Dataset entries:
───
(* Let $X$ be an $\mathrm{OA}(N,k,2,t_1)$ and $Y$ an $\mathrm{OA}(N,k,2,t_2)$, both with symbols from $\{-1,1\}$, with strengths $t_1\ge1$ and $t_2\ge1$. Then $X$ and $Y$ are OD-equivalent if and only if the multiset of rows of $X$ equals the multiset of rows of $g(Y)$ for some $g\in G(k)^{\rm OD}$.
   Context: An $\mathrm{OA}(N,k,s,t)$ with $t\in\{0,\dots,k\}$ is an $N\times k$ array over an $s$-element symbol set such that in every $N\times t$ subarray each of the $s^t$ possible $t$-tuples appears exactly $N/s^t$ times as a row. Two $N\times k$ arrays $Y_1,Y_2$ over $\{-1,1\}$ are Hadamard equivalent if $Y_2=P_1D_1Y_1D_2P_2$ for permutation matrices $P_1,P_2$ and diagonal $\pm1$ matrices $D_1,D_2$ (i.e. obtained by signed permutations of rows and columns). $X_1,X_2$ are OD-equivalent if $[\mathbf{1},X_1]$ and $[\mathbf{1},X_2]$ are Hadamard equivalent. $G(k)^{\rm OD}$ is the group of permutations of $\{-1,1\}^k$ generated by coordinate permutations, sign changes of single coordinates, and $R_i(z_1,\dots,z_k)=(z_1z_i,\dots,z_{i-1}z_i,z_i,z_{i+1}z_i,\dots,z_kz_i)$ for $i=1,\dots,k$; it acts on arrays row by row. *)

From mathcomp Require Import all_boot all_order all_algebra all_fingroup.
Set Implicit Arguments. Unset Strict Implicit. Unset Printing Implicit Defensive.
Import GRing.Theory Num.Theory.
Local Open Scope ring_scope.

Definition pm1_mx m n (A : 'M[int]_(m, n)) : bool :=
  [forall i, forall j, (A i j == 1) || (A i j == -1)].

(* OA(N,k,2,t) with symbol set {-1,1}: 0 <= t <= k, and for every choice of
   t distinct columns c and every t-tuple v over {-1,1}, v occurs as a row of
   the subarray exactly N/2^t times (stated as count * 2^t = N). *)
Definition isOA (N k t : nat) (X : 'M[int]_(N, k)) : Prop :=
  [/\ (t <= k)%N, pm1_mx X &
    forall c : 'I_t -> 'I_k, injective c ->
    forall v : 'I_t -> int, (forall j, v j = 1 \/ v j = -1) ->
      (#|[set i : 'I_N | [forall j, X i (c j) == v j]]| * 2 ^ t)%N = N].

Definition hadamard_equiv m n (Y1 Y2 : 'M[int]_(m, n)) : Prop :=
  exists (s1 : 'S_m) (s2 : 'S_n) (d1 : 'rV[int]_m) (d2 : 'rV[int]_n),
    [/\ pm1_mx d1, pm1_mx d2 &
      Y2 = perm_mx s1 *m diag_mx d1 *m Y1 *m diag_mx d2 *m perm_mx s2].

Definition augment N k (X : 'M[int]_(N, k)) : 'M[int]_(N, 1 + k) :=
  row_mx (const_mx 1) X.

Definition OD_equiv N k (X1 X2 : 'M[int]_(N, k)) : Prop :=
  hadamard_equiv (augment X1) (augment X2).

Definition coord_perm k (s : 'S_k) (z : 'rV[int]_k) : 'rV[int]_k :=
  \row_j z 0 (s j).
Definition sign_change k (i : 'I_k) (z : 'rV[int]_k) : 'rV[int]_k :=
  \row_j (if j == i then - z 0 j else z 0 j).
Definition R_op k (i : 'I_k) (z : 'rV[int]_k) : 'rV[int]_k :=
  \row_j (if j == i then z 0 i else z 0 j * z 0 i).

(* G(k)^OD: all finite compositions of generators.  Since each generator is a
   permutation of finite order of {-1,1}^k, this monoid equals the generated group
   (on {-1,1}^k, where it is applied). *)
Inductive GOD (k : nat) : ('rV[int]_k -> 'rV[int]_k) -> Prop :=
| GOD_id : GOD (fun z => z)
| GOD_perm (s : 'S_k) g : GOD g -> GOD (fun z => coord_perm s (g z))
| GOD_sign (i : 'I_k) g : GOD g -> GOD (fun z => sign_change i (g z))
| GOD_R (i : 'I_k) g : GOD g -> GOD (fun z => R_op i (g z)).

Definition rows N k (X : 'M[int]_(N, k)) : seq 'rV[int]_k :=
  [seq row i X | i <- enum 'I_N].

From mathcomp Require Import all_boot all_order all_algebra all_fingroup.
Set Implicit Arguments. Unset Strict Implicit. Unset Printing Implicit Defensive.
Import GRing.Theory.
Local Open Scope ring_scope.

(* X and Y are OD-equivalent iff, for a suitable
   matching of their rows, every row of [1, X] is, up to a sign, the image of
   its partner row of [1, Y] under one fixed signed permutation (s, e) of the
   1 + k columns.  Rescaling such an image so that its leading entry is 1
   again and dropping that entry defines a map [od_map s e] of {-1,1}^k.
   These maps compose like signed permutations and every generator of
   G(k)^OD is one of them (R_i comes from the transposition of the columns 0
   and i + 1).  Conversely [od_map s e] is the R generator that brings column
   s 0 to the front, followed by a coordinate permutation and sign changes. *)

Lemma unitz_mulzz (x : int) : x \is a GRing.unit -> x * x = 1.
Proof. exact: mulVr. Qed.

Lemma unitz_mulKz (x y : int) : x \is a GRing.unit -> x * (x * y) = y.
Proof. by move=> ux; rewrite mulrA unitz_mulzz ?mul1r. Qed.

Lemma unitz_mulzK (x y : int) : x \is a GRing.unit -> y * x * x = y.
Proof. by move=> ux; rewrite -mulrA unitz_mulzz ?mulr1. Qed.

Lemma pm1_mxP m n (A : 'M[int]_(m, n)) :
  reflect (forall i j, A i j \is a GRing.unit) (pm1_mx A).
Proof. exact: (forallPP (fun i => forallP)). Qed.

Lemma pm1_rowP k (z : 'rV[int]_k) :
  reflect (forall j, z 0 j \is a GRing.unit) (pm1_mx z).
Proof.
by apply: (iffP (pm1_mxP z)) => [uz j | uz i j]; rewrite ?ord1; apply: uz.
Qed.

Lemma pm1_row m n (A : 'M[int]_(m, n)) i : pm1_mx A -> pm1_mx (row i A).
Proof. by move/pm1_mxP=> uA; apply/pm1_mxP => i' j; rewrite mxE. Qed.

Lemma row_augment N k (X : 'M[int]_(N, k)) i :
  row i (augment X) = augment (row i X).
Proof. by rewrite /augment row_row_mx row_const. Qed.

Lemma augment0 k (z : 'rV[int]_k) : augment z 0 ord0 = 1.
Proof.
have -> : ord0 = lshift k (ord0 : 'I_1) by apply: val_inj.
by rewrite row_mxEl mxE.
Qed.

Lemma augment_lift k (z : 'rV[int]_k) b : augment z 0 (lift ord0 b) = z 0 b.
Proof.
have -> : lift ord0 b = rshift 1 b by apply: val_inj.
by rewrite row_mxEr.
Qed.

Lemma pm1_augment k (z : 'rV[int]_k) : pm1_mx z -> pm1_mx (augment z).
Proof.
move/pm1_rowP=> uz; apply/pm1_rowP => j.
by case: (unliftP ord0 j) => [b|] ->; rewrite ?augment0 ?augment_lift.
Qed.

Definition signed_col_perm n (s : 'S_n) (e : 'I_n -> int) (w : 'rV[int]_n) :
  'rV[int]_n := \row_j (w 0 (s j) * e j).

Lemma signed_col_permZ n (s : 'S_n) e c w :
  signed_col_perm s e (c *: w) = c *: signed_col_perm s e w.
Proof. by apply/rowP => j; rewrite !mxE mulrA. Qed.

Lemma signed_col_permM n (s1 s2 : 'S_n) e1 e2 w :
  signed_col_perm s2 e2 (signed_col_perm s1 e1 w) =
  signed_col_perm (s2 * s1) (fun j => e1 (s2 j) * e2 j) w.
Proof. by apply/rowP => j; rewrite !mxE permM mulrA. Qed.

Definition unaugment k (w : 'rV[int]_k.+1) : 'rV[int]_k :=
  \row_b (w 0 (lift ord0 b) * w 0 ord0).

Lemma unaugmentK k : cancel (@augment 1 k) (@unaugment k).
Proof.
by move=> z; apply/rowP => b; rewrite mxE augment_lift augment0 mulr1.
Qed.

Lemma unaugmentZ k c (w : 'rV[int]_k.+1) :
  c \is a GRing.unit -> unaugment (c *: w) = unaugment w.
Proof.
by move=> uc; apply/rowP => b; rewrite !mxE mulrACA unitz_mulzz ?mul1r.
Qed.

Lemma augment_unaugment k (w : 'rV[int]_k.+1) :
  w 0 ord0 \is a GRing.unit -> augment (unaugment w) = w 0 ord0 *: w .
Proof.
move=> uw; apply/rowP => j; case: (unliftP ord0 j) => [b|] ->.
  by rewrite augment_lift !mxE mulrC.
by rewrite augment0 mxE unitz_mulzz.
Qed.

Lemma lift_perm_of_fixed n (p : 'S_n.+1) :
  p ord0 = ord0 -> exists q : 'S_n, p = lift_perm ord0 ord0 q.
Proof.
move=> p0.
have p_lift b : {c | p (lift ord0 b) = lift ord0 c}.
  case: (unliftP ord0 (p (lift ord0 b))) => [c -> | p_b]; first by exists c.
  have := neq_lift ord0 b.
  by rewrite (perm_inj (etrans p_b (esym p0))) eqxx.
have q_inj : injective (fun b => sval (p_lift b)).
  move=> b1 b2 eq_c; apply/(@lift_inj _ ord0)/(@perm_inj _ p).
  by rewrite (svalP (p_lift b1)) (svalP (p_lift b2)) eq_c.
exists (perm q_inj); apply/permP => j.
case: (unliftP ord0 j) => [b|] ->; last by rewrite lift_perm_id.
by rewrite lift_perm_lift permE; exact: svalP (p_lift b).
Qed.

Section ODMaps.

Variable k : nat.
Implicit Types (z : 'rV[int]_k) (g h : 'rV[int]_k -> 'rV[int]_k).
Implicit Types (s : 'S_k.+1) (e : 'I_k.+1 -> int).

Definition od_map s e z : 'rV[int]_k :=
  unaugment (signed_col_perm s e (augment z)).

Lemma od_mapE s e z b :
  od_map s e z 0 b =
  augment z 0 (s (lift ord0 b)) * e (lift ord0 b) *
  (augment z 0 (s ord0) * e ord0).
Proof. by rewrite /od_map !mxE. Qed.

Lemma eq_od_map s e1 e2 : e1 =1 e2 -> od_map s e1 =1 od_map s e2.
Proof. by move=> eq_e z; apply/rowP => b; rewrite !od_mapE !eq_e. Qed.

Lemma od_map1 z : od_map 1 (fun=> 1) z = z.
Proof.
by apply/rowP => b; rewrite od_mapE !perm1 augment_lift augment0 !mulr1.
Qed.

Lemma augment_od_map s e z :
    pm1_mx z -> e ord0 \is a GRing.unit ->
  augment (od_map s e z) =
  (augment z 0 (s ord0) * e ord0) *: signed_col_perm s e (augment z).
Proof.
move=> /pm1_augment/pm1_rowP uz ue.
by rewrite augment_unaugment mxE // unitrM uz.
Qed.

Lemma od_map_comp s1 e1 s2 e2 z :
    pm1_mx z -> e1 ord0 \is a GRing.unit ->
  od_map s2 e2 (od_map s1 e1 z) =
  od_map (s2 * s1) (fun j => e1 (s2 j) * e2 j) z.
Proof.
move=> pz ue; have /pm1_rowP uz := pm1_augment pz.
rewrite {1}/od_map augment_od_map // signed_col_permZ unaugmentZ.
  by rewrite signed_col_permM.
by rewrite unitrM uz.
Qed.

Lemma coord_perm_od_map (q : 'S_k) :
  coord_perm q =1 od_map (lift_perm ord0 ord0 q) (fun=> 1).
Proof.
move=> z; apply/rowP => b.
by rewrite od_mapE lift_perm_lift lift_perm_id augment_lift augment0 mxE !mulr1.
Qed.

Lemma sign_change_od_map i :
  sign_change i =1 od_map 1 (fun j => if j == lift ord0 i then -1 else 1).
Proof.
move=> z; apply/rowP => b.
rewrite od_mapE !perm1 augment_lift augment0 mxE (inj_eq lift_inj).
rewrite (negbTE (neq_lift _ _)).
by case: eqP; rewrite !mulr1 ?mulrN1.
Qed.

Lemma R_op_od_map i :
  R_op i =1 od_map (tperm ord0 (lift ord0 i)) (fun=> 1).
Proof.
move=> z; apply/rowP => b.
rewrite od_mapE tpermL augment_lift mxE !mulr1.
case: (eqVneq b i) => [->|neq_bi]; first by rewrite tpermR augment0 mul1r.
by rewrite tpermD ?augment_lift // ?(inj_eq lift_inj) 1?eq_sym.
Qed.

Definition is_od_map g : Prop :=
  exists s e, (forall j, e j \is a GRing.unit) /\
              forall z, pm1_mx z -> g z = od_map s e z.

Lemma is_od_map_comp h s e g :
    (forall j, e j \is a GRing.unit) -> h =1 od_map s e ->
  is_od_map g -> is_od_map (h \o g).
Proof.
move=> ue hE [s1 [e1 [ue1 gE]]].
exists (s * s1)%g, (fun j => e1 (s j) * e j); split=> [j | z pz].
  by rewrite unitrM ue1 ue.
by rewrite /= gE // hE od_map_comp.
Qed.

Lemma GOD_is_od_map g : GOD g -> is_od_map g.
Proof.
elim=> [|q {}g _ IH|i {}g _ IH|i {}g _ IH].
- by exists 1%g, (fun=> 1); split=> // z _; rewrite od_map1.
- exact: is_od_map_comp (coord_perm_od_map q) IH.
- apply: is_od_map_comp (sign_change_od_map i) IH => j.
  by case: (j == _).
- exact: is_od_map_comp (R_op_od_map i) IH.
Qed.

Lemma GOD_comp g h : GOD g -> GOD h -> GOD (g \o h).
Proof.
move=> Gg Gh; elim: Gg => [|q {}g _ IH|i {}g _ IH|i {}g _ IH] //.
- exact: GOD_perm IH.
- exact: GOD_sign IH.
- exact: GOD_R IH.
Qed.

Lemma od_map_signs_GOD e :
  (forall j, e j \is a GRing.unit) -> exists2 g, GOD g & g =1 od_map 1 e.
Proof.
move=> ue.
pose flips := [seq b : 'I_k <- enum 'I_k | e (lift ord0 b) * e ord0 == -1].
exists (fun z => foldr (@sign_change k) z flips).
  by elim: flips => [|b flips IH]; [exact: GOD_id k | exact: GOD_sign IH].
have flipsE z b l : uniq l ->
    foldr (@sign_change k) z l 0 b = if b \in l then - z 0 b else z 0 b.
  elim: l => [|a l IH] //= /andP[a_l uniq_l].
  rewrite mxE IH // in_cons; case: (eqVneq b a) => [->|//].
  by rewrite (negbTE a_l).
move=> z; apply/rowP => b.
rewrite flipsE; last exact: filter_uniq (enum_uniq _).
rewrite mem_filter mem_enum andbT.
rewrite od_mapE !perm1 augment_lift augment0 mul1r -mulrA.
have /orP[/eqP -> | /eqP ->] : e (lift ord0 b) * e ord0 \is a GRing.unit.
- by rewrite unitrM !ue.
- by rewrite mulr1.
- by rewrite mulrN1.
Qed.

Lemma od_map_GOD s e :
    (forall j, e j \is a GRing.unit) ->
  exists2 g, GOD g & forall z, pm1_mx z -> g z = od_map s e z.
Proof.
move=> ue; set rho := tperm ord0 (s ord0).
have [gR GOD_gR gRE] : exists2 g, GOD g & g =1 od_map rho (fun=> 1).
  rewrite {}/rho; case: (unliftP ord0 (s ord0)) => [a|] ->.
    by exists (R_op a); [exact: GOD_R (GOD_id k) | exact: R_op_od_map].
  by exists id => [|z]; rewrite ?tperm1 ?od_map1 //; exact: GOD_id.
have [q sE] : exists q, (s * rho)%g = lift_perm ord0 ord0 q.
  by apply: lift_perm_of_fixed; rewrite permM tpermR.
have [gS GOD_gS gSE] := od_map_signs_GOD ue.
exists (gS \o coord_perm q \o gR).
  by apply: GOD_comp (GOD_comp GOD_gS (GOD_perm q (GOD_id k))) GOD_gR.
move=> z pz /=; rewrite gSE coord_perm_od_map gRE.
rewrite [od_map (lift_perm _ _ _) _ _]od_map_comp // od_map_comp //.
rewrite -sE -mulgA tperm2 mulg1 mul1g.
by apply: eq_od_map => j; rewrite !mul1r.
Qed.

End ODMaps.

Lemma hadamard_mxE m n (s1 : 'S_m) (s2 : 'S_n) d1 d2 (A : 'M[int]_(m, n)) i j :
  (perm_mx s1 *m diag_mx d1 *m A *m diag_mx d2 *m perm_mx s2) i j =
  d1 0 (s1 i) * A (s1 i) ((s2^-1)%g j) * d2 0 ((s2^-1)%g j).
Proof.
rewrite -[s2]invgK -col_permE mxE mul_mx_diag mxE invgK.
by rewrite -mulmxA -row_permE mxE mul_diag_mx mxE.
Qed.

Lemma hadamard_equivP m n (A B : 'M[int]_(m, n)) :
  hadamard_equiv A B <->
  exists (s1 : 'S_m) (s2 : 'S_n) (d1 : 'I_m -> int) (d2 : 'I_n -> int),
    [/\ forall i, d1 i \is a GRing.unit, forall j, d2 j \is a GRing.unit &
        forall i, row i A = d1 i *: signed_col_perm s2 d2 (row (s1 i) B)].
Proof.
split=> [[s1 [s2 [d1 [d2 [/pm1_rowP ud1 /pm1_rowP ud2 BE]]]]] |].
  exists s1^-1%g, s2, (d1 0), (d2 0); split=> // i; apply/rowP => j.
  by rewrite !mxE BE hadamard_mxE permKV permK unitz_mulzK // unitz_mulKz.
case=> s1 [s2] [d1] [d2] [ud1 ud2 rowAE].
exists s1^-1%g, s2, (\row_i d1 i), (\row_j d2 j).
split; try by apply/pm1_rowP => j; rewrite mxE.
apply/matrixP => i j; rewrite hadamard_mxE !mxE.
have := congr1 (fun r : 'rV[int]_n => r 0 ((s2^-1)%g j)) (rowAE ((s1^-1)%g i)).
by rewrite !mxE !permKV => ->; rewrite unitz_mulKz // unitz_mulzK.
Qed.

Lemma perm_eq_rowsP N k (X Y : 'M[int]_(N, k)) (g : 'rV[int]_k -> 'rV[int]_k) :
  reflect (exists s : 'S_N, forall i, row i X = g (row (s i) Y))
          (perm_eq (rows X) (map g (rows Y))).
Proof.
have -> : map g (rows Y) = [tuple g (row i Y) | i < N].
  by rewrite /rows -map_comp.
apply: (iffP tuple_permP) => [[s rowsE] | [s rowXE]]; exists s.
  move=> i; have /eq_in_map/(_ i (mem_enum _ i)) := rowsE.
  by rewrite /= tnth_mktuple.
by apply/eq_in_map => i _ /=; rewrite tnth_mktuple.
Qed.

Theorem lemma5 (N k t1 t2 : nat) (X Y : 'M[int]_(N, k)) :
  (1 <= t1)%N -> (1 <= t2)%N -> isOA t1 X -> isOA t2 Y ->
  (OD_equiv X Y <->
   exists g : 'rV[int]_k -> 'rV[int]_k,
     GOD g /\ perm_eq (rows X) (map g (rows Y))).
Proof.
move=> _ _ _ [_ pmY _].
have pmYi i : pm1_mx (row i Y) := pm1_row i pmY.
split.
- case/hadamard_equivP=> s1 [s2] [d1] [d2] [ud1 ud2 rowXE].
  have [g GOD_g gE] := od_map_GOD s2 ud2.
  exists g; split=> //; apply/perm_eq_rowsP; exists s1 => i.
  by rewrite gE // -[row i X]unaugmentK -row_augment rowXE row_augment
             unaugmentZ.
- case=> g [/GOD_is_od_map [s [e [ue gE]]] /perm_eq_rowsP [s1 rowXE]].
  apply/hadamard_equivP.
  exists s1, s, (fun i => augment (row (s1 i) Y) 0 (s ord0) * e ord0), e.
  split=> // [i | i].
    by rewrite unitrM ue andbT; apply/pm1_rowP/pm1_augment.
  by rewrite !row_augment rowXE gE // augment_od_map.
Qed.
───
- TASK DETAILS
Give back the records above exactly, limited to the lines between the one holding "and i + 1)." and the one holding "Proof. by move=> ux; rewrite -mulrA", inclusive.

- SOLUTION TO THIS TASK
   and i + 1).  Conversely [od_map s e] is the R generator that brings column
   s 0 to the front, followed by a coordinate permutation and sign changes. *)

Lemma unitz_mulzz (x : int) : x \is a GRing.unit -> x * x = 1.
Proof. exact: mulVr. Qed.

Lemma unitz_mulKz (x y : int) : x \is a GRing.unit -> x * (x * y) = y.
Proof. by move=> ux; rewrite mulrA unitz_mulzz ?mul1r. Qed.

Lemma unitz_mulzK (x y : int) : x \is a GRing.unit -> y * x * x = y.
Proof. by move=> ux; rewrite -mulrA unitz_mulzz ?mulr1. Qed.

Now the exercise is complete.